FIELDS=Environment,ProductName,UtcDate ,DeviceId ClientIp
In props.conf
[eventhub:sourcewithmixedsources]
INDEXED_EXTRACTIONS = TSV
CHECK_FOR_HEADER=true
NO_BINARY_CHECK = 1
SHOULD_LINEMERGE = false
pulldown_type = 1
REPORT-headers = header1, header3,header3
1. If you're doing indexed extractions, your data is processed as parsed. Adding search-time extractions will only result in double fields (or misassigned fields in case of not-well-defined formats).
2. In general, unless you have a file input with header specifying fields within that file there's no way to assign fields dynamically to indexed-extraction fields.
3. You could try making search-time extraction definitions that match only specific message templates.
Like
REPORT-fields-for-app1 = ^(?<Environment>\S+)\s+(?<ProductName>\S+)\s+\(?<UtcDate>\S+)\s+(<RequestId>\S+)\s+(?<ClientId>\S+)\s+(?<ClientIp>\d+\.\d+\.\d+\.\d+)$
This should match only data for app1 because it has specific number of whitespace-separated files and has IP value anchored in a particular place within an event. You can have several other similar extraction definitions, each covering separate event template.
Thanks for confirming my suspicion. SED'ed a lot!
1. If you're doing indexed extractions, your data is processed as parsed. Adding search-time extractions will only result in double fields (or misassigned fields in case of not-well-defined formats).
2. In general, unless you have a file input with header specifying fields within that file there's no way to assign fields dynamically to indexed-extraction fields.

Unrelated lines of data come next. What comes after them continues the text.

Lemma free_coef A : uniq A -> free A <->
  (forall g : V -> R, \sum_(a <- A) g a *: a = 0 -> {in A, forall a, g a = 0}).
Proof.
move=> uA; have /= freeA := @freeP _ _ _ (in_tuple A).
split=> [/freeA Hfree g g0 a /nth_position [i <-] | H].
  by apply: (Hfree (fun i => g A`_i)); rewrite -(big_seq_nth A (fun a => g a *: a)).
apply/freeA => c hc i; rewrite -point_coefE //.
by apply: H (mem_nth 0 (ltn_ord i)); rewrite -big_point_coef.
Qed.

Lemma aff_indep_coef A : aff_indep A -> forall g : V -> R,
  \sum_(a <- A) g a = 0 -> \sum_(a <- A) g a *: a = 0 -> {in A, forall a, g a = 0}.
Proof.
move=> [_ Hind] g g0 gv a /nth_position [i <-].
apply: (Hind (fun i => g A`_i)); first by rewrite -(big_seq_nth A g).
by rewrite -(big_seq_nth A (fun a => g a *: a)).
Qed.

Lemma in_pos_pair (a b v : V) (s t : R) : 0 <= s -> 0 <= t ->
  v = s *: a + t *: b -> in_pos [:: a; b] v.
Proof.
move=> s0 t0 ->; exists (fun i : 'I_2 => if val i == 0%N then s else t).
by split=> [i|]; [case: ifP | rewrite !big_ord_recr big_ord0 /= add0r].
Qed.

Lemma single_support A (c : V -> R) s v : uniq A ->
  {in A, forall b, b != s -> c b = 0} -> v = \sum_(b <- A) c b *: b -> v != 0 ->
  s \in A /\ v = c s *: s.
Proof.
move=> uA cs vA v0; have sA : s \in A.
  apply: contraNT v0 => sA; rewrite vA big_seq big1 // => b bA.
  by rewrite cs ?scale0r //; apply: contraNneq sA => <-.
split=> //; rewrite vA (bigD1_seq s) //= big_seq_cond big1 ?addr0 // => b /andP[bA bs].
by rewrite cs ?scale0r.
Qed.

End Coefficients.

Section Simplex.
Variables (R : realType) (n : nat).
Local Notation V := 'rV[R]_n.
Implicit Types (A : seq V) (v : V).

Lemma conv_nonempty A v : in_conv A v -> A != [::].
Proof. by case: A => [[c [_ []]]|//]; rewrite big_ord0 => /eqP; rewrite eq_sym oner_eq0. Qed.

(* If 0 is in the relative interior of conv A, then for small d > 0 the point
   - d * (sum of the points of A), which lies in aff A, is still in conv A. *)
Lemma relint_shift A : in_relint_conv A 0 ->
  exists2 d : R, 0 < d & in_conv A (- d *: \sum_(a <- A) a).
Proof.
move=> [[c [c0 [c1 e0]]] [e e_gt0 He]].
set b := \sum_(a <- A) a; set M := 1 + \sum_(j < n) `|b 0 j|.
have M_gt0 : 0 < M by rewrite ltr_pwDl // sumr_ge0.
set d := e / (M + M); have d_gt0 : 0 < d by rewrite divr_gt0 // addr_gt0.
exists d => //; apply: He => [|j].
  pose c' i := (1 + d * (size A)%:R) * c i - d; exists c'; split.
    rewrite sumrB -mulr_sumr c1 sumr_const card_ord -mulr_natr; ring.
  under eq_bigr do rewrite /c' scalerBl -scalerA.
  rewrite sumrB -scaler_sumr -e0 scaler0 sub0r -scaler_sumr scaleNr.
  by rewrite /b (big_seq_nth A id).
have hj : `|b 0 j| <= M - 1.
  by rewrite addrAC subrr add0r (bigD1 j) //= lerDl sumr_ge0.
have hd : d * (M + M) = e by rewrite /d divfK // gt_eqF // addr_gt0.
rewrite !mxE subr0 normrM normrN (gtr0_norm d_gt0); nra.
Qed.

Lemma relint_dependence A : uniq A -> in_relint_conv A 0 ->
  exists alpha : V -> R,
    {in A, forall a, 0 < alpha a} /\ \sum_(a <- A) alpha a *: a = 0.
Proof.
move=> uA /relint_shift [d d_gt0 /(in_conv_coef uA) [f [f0 _ fv]]].
exists (fun a => f a + d); split=> [a _|]; first by rewrite ltr_pwDr.
under eq_bigr do rewrite scalerDl.
by rewrite big_split /= -scaler_sumr -fv scaleNr addNr.
Qed.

3. You could try making search-time extraction definitions that match only specific message templates.
Like
REPORT-fields-for-app1 = ^(?<Environment>\S+)\s+(?<ProductName>\S+)\s+\(?<UtcDate>\S+)\s+(<RequestId>\S+)\s+(?<ClientId>\S+)\s+(?<ClientIp>\d+\.\d+\.\d+\.\d+)$
This should match only data for app1 because it has specific number of whitespace-separated files and has IP value anchored in a particular place within an event. You can have several other similar extraction definitions, each covering separate event template.